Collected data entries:
════════════════

(* Under the role-persistence and uniform-bound assumptions below, with $\mathbf M_t=\mathbf A_t\mathbf W_t$, $$\sup_{t\in\mathbb N}\|\mathbf A_{t+1}\mathbf W_{t+1}\mathbf A_t\mathbf W_t\|\le\bar\alpha<1.$$
   Context: Fix a finite node set $\mathcal V$ with $n=|\mathcal V|$ and a sequence of directed graphs $G_t=(\mathcal V,\mathcal E_t)$, $t\in\mathbb N$. In $G_t$, a node $i$ is a pure obligee if it has no outgoing edge in $\mathcal E_t$, and a principal otherwise. For each $t$, $\mathbf W_t=(w^t_{ij})$ is an entrywise nonnegative $n\times n$ matrix with $w^t_{ij}>0$ only if $(j,i)\in\mathcal E_t$ and with every row sum at most $1$; $\mathbf A_t=\mathrm{diag}(\alpha_i^t)$ with $\alpha_i^t\in[0,1]$, and $\alpha_i^t=1$ whenever $i$ is a pure obligee in $G_t$. Role persistence: for every $i$ and $t$, $i$ is a pure obligee in $G_t$ if and only if it is a pure obligee in $G_{t+1}$ (pure obligees stay pure obligees and principals stay principals). Uniform bound: there is $\bar\alpha\in(0,1)$ such that $\alpha_i^t\le\bar\alpha$ for every $t$ and every node $i$ that is not a pure obligee in $G_t$. $\|\mathbf M\|$ is the induced $\ell_\infty$ matrix norm (maximum absolute row sum). *)

From mathcomp Require Import all_boot all_order all_algebra.
Set Implicit Arguments. Unset Strict Implicit. Unset Printing Implicit Defensive.
Import Order.TTheory GRing.Theory Num.Theory.
Local Open Scope ring_scope.

(* Node set V = 'I_n.  A time-indexed directed graph is E : nat -> rel 'I_n,
   where E t j i means (j,i) is an edge of G_t (from j to i). *)
Definition pure_obligee (n : nat) (E : nat -> rel 'I_n) (t : nat) (i : 'I_n) : Prop :=
  forall j : 'I_n, ~~ E t i j.

(* Induced l_infinity matrix norm: maximum absolute row sum. *)
Definition infnorm (R : realFieldType) (m k : nat) (M : 'M[R]_(m, k)) : R :=
  \big[Num.max/0]_(i < m) \sum_(j < k) `|M i j|.

Definition diagA (R : realFieldType) (n : nat) (alpha : 'I_n -> R) : 'M[R]_n :=
  diag_mx (\row_i alpha i).

From mathcomp Require Import all_boot all_order all_algebra.
Set Implicit Arguments. Unset Strict Implicit. Unset Printing Implicit Defensive.
Import Order.TTheory GRing.Theory Num.Theory.
Local Open Scope ring_scope.

(* Row i of M_{t+1} M_t sums to the M_{t+1}-weighted average of the row sums
   of M_t.  Row k of M_t = A_t W_t sums to at most alpha_k^t, and M_{t+1} only
   puts weight on nodes k with an outgoing edge in G_{t+1}; by role persistence
   these are principals of G_t, so alpha_k^t <= abar and the average is at most
   abar. *)

Lemma infnorm_le (R : realFieldType) (m k : nat) (M : 'M[R]_(m, k)) (c : R) :
  0 <= c -> (forall i, \sum_j `|M i j| <= c) -> infnorm M <= c.
Proof.
move=> c_ge0 rowM; rewrite /infnorm; elim/big_ind: _ => // x y hx hy.
by rewrite ge_max hx hy.
Qed.

Lemma mulmx_row_sum (R : pzSemiRingType) (m p q : nat)
    (P : 'M[R]_(m, p)) (Q : 'M[R]_(p, q)) (i : 'I_m) :
  \sum_j (P *m Q) i j = \sum_k P i k * \sum_j Q k j.
Proof.
under eq_bigr => j _ do rewrite mxE.
by rewrite exchange_big; apply: eq_bigr => k _; rewrite mulr_sumr.
Qed.

Lemma mulmx_ge0 (R : realFieldType) (m p q : nat)
    (P : 'M[R]_(m, p)) (Q : 'M[R]_(p, q)) :
  (forall i k, 0 <= P i k) -> (forall k j, 0 <= Q k j) ->
  forall i j, 0 <= (P *m Q) i j.
Proof. by move=> P0 Q0 i j; rewrite mxE sumr_ge0 // => k _; rewrite mulr_ge0. Qed.

Lemma mulmx_row_sum_le (R : realFieldType) (m p q : nat)
    (P : 'M[R]_(m, p)) (Q : 'M[R]_(p, q)) (i : 'I_m) (c : R) :
  (forall k, 0 <= P i k) -> \sum_k P i k <= 1 -> 0 <= c ->
  (forall k, P i k != 0 -> \sum_j Q k j <= c) ->
  \sum_j (P *m Q) i j <= c.
Proof.
move=> P0 rowP c_ge0 rowQ; rewrite mulmx_row_sum.
apply: (@le_trans _ _ (\sum_k P i k * c)); last by rewrite -mulr_suml ler_piMl.
apply: ler_sum => k _; have [->|Pik_neq0] := eqVneq (P i k) 0; first by rewrite !mul0r.
by rewrite ler_wpM2l ?rowQ.
Qed.

Lemma diagA_mulmxE (R : realFieldType) (n : nat) (a : 'I_n -> R) (W : 'M[R]_n) i j :
  (diagA a *m W) i j = a i * W i j.
Proof. by rewrite /diagA mul_diag_mx !mxE. Qed.

Section PersistentRoles.

Variables (R : realFieldType) (n : nat) (E : nat -> rel 'I_n).
Variables (W : nat -> 'M[R]_n) (alpha : nat -> 'I_n -> R) (abar : R).
Hypothesis W_ge0 : forall t i j, 0 <= W t i j.
Hypothesis W_on_edges : forall t i j, 0 < W t i j -> E t j i.
Hypothesis W_row_sum : forall t i, \sum_(j < n) W t i j <= 1.
Hypothesis alpha01 : forall t i, 0 <= alpha t i <= 1.
Hypothesis role_persistence :
  forall t i, pure_obligee E t i <-> pure_obligee E t.+1 i.
Hypothesis alpha_principal : forall t i, ~ pure_obligee E t i -> alpha t i <= abar.

Let M t := diagA (alpha t) *m W t.

Lemma M_ge0 t i j : 0 <= M t i j.
Proof. by rewrite /M diagA_mulmxE mulr_ge0 ?W_ge0 //; case/andP: (alpha01 t i). Qed.

Lemma M_row_sum_le_alpha t k : \sum_j M t k j <= alpha t k.
Proof.
have [a_ge0 _] := andP (alpha01 t k).
under eq_bigr => j _ do rewrite /M diagA_mulmxE.
by rewrite -mulr_sumr ler_piMr ?W_row_sum.
Qed.

Lemma M_row_sum_le1 t i : \sum_k M t i k <= 1.
Proof. by apply: le_trans (M_row_sum_le_alpha t i) _; case/andP: (alpha01 t i). Qed.

Lemma M_succ_support t i k : M t.+1 i k != 0 -> alpha t k <= abar.
Proof.
move=> Mik_neq0; apply: alpha_principal => /role_persistence /(_ i).
have W_pos : 0 < W t.+1 i k.
  rewrite lt_def W_ge0 andbT; apply: contraNneq Mik_neq0 => W0.
  by rewrite /M diagA_mulmxE W0 mulr0.
by rewrite W_on_edges.
Qed.

Lemma infnorm_M_succ_M_le t : 0 <= abar -> infnorm (M t.+1 *m M t) <= abar.
Proof.
move=> abar_ge0; apply: infnorm_le => // i.
have MM_ge0 := mulmx_ge0 (M_ge0 t.+1) (M_ge0 t).
rewrite (eq_bigr (fun j => (M t.+1 *m M t) i j)) => [|j _]; last first.
  exact/ger0_norm/MM_ge0.
apply: mulmx_row_sum_le => // [k||k /M_succ_support]; first exact: M_ge0.
  exact: M_row_sum_le1.
exact/le_trans/M_row_sum_le_alpha.
Qed.

End PersistentRoles.

Theorem mainTheorem13 (R : realFieldType) (n : nat)
  (E : nat -> rel 'I_n) (W : nat -> 'M[R]_n) (alpha : nat -> 'I_n -> R)
  (abar : R) :
  (forall t i j, 0 <= W t i j) ->
  (forall t i j, 0 < W t i j -> E t j i) ->
  (forall t i, \sum_(j < n) W t i j <= 1) ->
  (forall t i, 0 <= alpha t i <= 1) ->
  (forall t i, pure_obligee E t i -> alpha t i = 1) ->
  (forall t i, pure_obligee E t i <-> pure_obligee E t.+1 i) ->
  0 < abar -> abar < 1 ->
  (forall t i, ~ pure_obligee E t i -> alpha t i <= abar) ->
  (forall t : nat,
     infnorm (diagA (alpha t.+1) *m W t.+1 *m (diagA (alpha t) *m W t)) <= abar)
  /\ abar < 1.
Proof.
(* Only the principals' bound matters, so [alpha = 1] at pure obligees is unused. *)
move=> W_ge0 W_on_edges W_row_sum alpha01 _ role_persistence abar_gt0 abar_lt1
  alpha_principal; split=> // t.
exact: (infnorm_M_succ_M_le W_ge0 W_on_edges W_row_sum alpha01 role_persistence
  alpha_principal t (ltW abar_gt0)).
Qed.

════════════════

### [WORK ORDER]
Exactly the lines from the start of the entries through the one bearing "Definition infnorm (R" are to be output, with both ends included.

### [OUTPUT OF THE EXERCISE]
(* Under the role-persistence and uniform-bound assumptions below, with $\mathbf M_t=\mathbf A_t\mathbf W_t$, $$\sup_{t\in\mathbb N}\|\mathbf A_{t+1}\mathbf W_{t+1}\mathbf A_t\mathbf W_t\|\le\bar\alpha<1.$$
   Context: Fix a finite node set $\mathcal V$ with $n=|\mathcal V|$ and a sequence of directed graphs $G_t=(\mathcal V,\mathcal E_t)$, $t\in\mathbb N$. In $G_t$, a node $i$ is a pure obligee if it has no outgoing edge in $\mathcal E_t$, and a principal otherwise. For each $t$, $\mathbf W_t=(w^t_{ij})$ is an entrywise nonnegative $n\times n$ matrix with $w^t_{ij}>0$ only if $(j,i)\in\mathcal E_t$ and with every row sum at most $1$; $\mathbf A_t=\mathrm{diag}(\alpha_i^t)$ with $\alpha_i^t\in[0,1]$, and $\alpha_i^t=1$ whenever $i$ is a pure obligee in $G_t$. Role persistence: for every $i$ and $t$, $i$ is a pure obligee in $G_t$ if and only if it is a pure obligee in $G_{t+1}$ (pure obligees stay pure obligees and principals stay principals). Uniform bound: there is $\bar\alpha\in(0,1)$ such that $\alpha_i^t\le\bar\alpha$ for every $t$ and every node $i$ that is not a pure obligee in $G_t$. $\|\mathbf M\|$ is the induced $\ell_\infty$ matrix norm (maximum absolute row sum). *)

From mathcomp Require Import all_boot all_order all_algebra.
Set Implicit Arguments. Unset Strict Implicit. Unset Printing Implicit Defensive.
Import Order.TTheory GRing.Theory Num.Theory.
Local Open Scope ring_scope.

(* Node set V = 'I_n.  A time-indexed directed graph is E : nat -> rel 'I_n,
   where E t j i means (j,i) is an edge of G_t (from j to i). *)
Definition pure_obligee (n : nat) (E : nat -> rel 'I_n) (t : nat) (i : 'I_n) : Prop :=
  forall j : 'I_n, ~~ E t i j.

(* Induced l_infinity matrix norm: maximum absolute row sum. *)
Definition infnorm (R : realFieldType) (m k : nat) (M : 'M[R]_(m, k)) : R :=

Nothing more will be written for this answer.